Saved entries
(* Let $a$ be a positive integer, let $G$ be a finite simple graph of arboricity at most $a$ containing no isolated edges, and let $p_1<p_2<\cdots<p_a$ be the first $a$ prime numbers larger than $3$. Then ${\chi^\Sigma_g}^\star(G)\leq p_1p_2\cdots p_a$.
   Context: The arboricity of $G$ is the least number of forests into which $E(G)$ can be decomposed; an isolated edge is a connected component isomorphic to $K_2$. For an Abelian group $\mathcal{G}$ with identity $0$ and $f\colon E(G)\to\mathcal{G}$, $w_f(v)=\sum_{u\in N(v)}f(uv)$. ${\chi^\Sigma_g}^\star(G)$ is the least positive integer $k$ such that for every Abelian group $\mathcal{G}$ of order $k$ there exists $f\colon E(G)\to\mathcal{G}\setminus\{0\}$ with $w_f(u)\neq w_f(v)$ for every edge $uv$. *)

From HB Require Import structures.
From mathcomp Require Import all_boot all_order all_algebra.
Set Implicit Arguments. Unset Strict Implicit. Unset Printing Implicit Defensive.
Import GRing.Theory.
Local Open Scope ring_scope.

Definition simple_graph (T : finType) (e : rel T) : Prop :=
  symmetric e /\ irreflexive e.

(* Edges are identified with 2-element vertex sets [set u; v]. *)

Definition is_forest (T : finType) (r : rel T) : Prop :=
  forall s : seq T, uniq s -> (3 <= size s)%N -> ~~ cycle r s.

Definition arboricity_le (T : finType) (e : rel T) (a : nat) : Prop :=
  exists c : {set T} -> 'I_a,
    forall i : 'I_a, is_forest [rel u v | e u v && (c [set u; v] == i)].

Definition no_isolated_edge (T : finType) (e : rel T) : Prop :=
  forall u v, e u v -> exists w, [/\ w != u, w != v & e u w || e v w].

Definition wsum (T : finType) (e : rel T) (Z : zmodType) (f : {set T} -> Z)
  (v : T) : Z := \sum_(u | e v u) f [set u; v].

Definition group_sum_good (T : finType) (e : rel T) (k : nat) : Prop :=
  forall Z : finZmodType, #|Z| = k ->
    exists f : {set T} -> Z,
      (forall u v, e u v -> f [set u; v] != 0) /\
      (forall u v, e u v -> wsum e f u != wsum e f v).

Definition first_primes_gt3 (a : nat) (ps : seq nat) : Prop :=
  [/\ size ps = a, sorted ltn ps,
      all (fun p => prime p && (3 < p)%N) ps &
      forall q, prime q -> (3 < q)%N -> (q <= last 0%N ps)%N -> q \in ps].

From HB Require Import structures.
From mathcomp Require Import all_boot all_order all_algebra.
From mathcomp Require fingroup pgroup cyclic.

(* Split E(G) into forests F_1, ..., F_a and attach the prime p_i to F_i.
   Inside G, each F_i extends to a forest H_i without isolated edges, and such
   a forest has a nowhere-zero F_{p_i}-labelling with proper vertex sums: prune
   the leaves hanging at a vertex u with at most one non-leaf neighbour, label
   the rest by induction, and choose the labels of the pruned leaves so as to
   avoid at most three forbidden values (this is where p_i > 3 is used).
   In an abelian group of order p_1 ... p_a choose x_i of order p_i and label
   an edge by sum_i x_i c_i(edge): since sum_i x_i m_i = sum_i x_i n_i forces
   m_i = n_i mod p_i, every constraint can be checked in the colour class of
   the edge. *)

Set Implicit Arguments.
Unset Strict Implicit.
Unset Printing Implicit Defensive.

= Activity =
May I have exactly the lines from the one containing "the rest by" through the last line of the data, both included?

= Result for this exercise =
   the rest by induction, and choose the labels of the pruned leaves so as to
   avoid at most three forbidden values (this is where p_i > 3 is used).
   In an abelian group of order p_1 ... p_a choose x_i of order p_i and label
   an edge by sum_i x_i c_i(edge): since sum_i x_i m_i = sum_i x_i n_i forces
   m_i = n_i mod p_i, every constraint can be checked in the colour class of
   the edge. *)

Set Implicit Arguments.
Unset Strict Implicit.
Unset Printing Implicit Defensive.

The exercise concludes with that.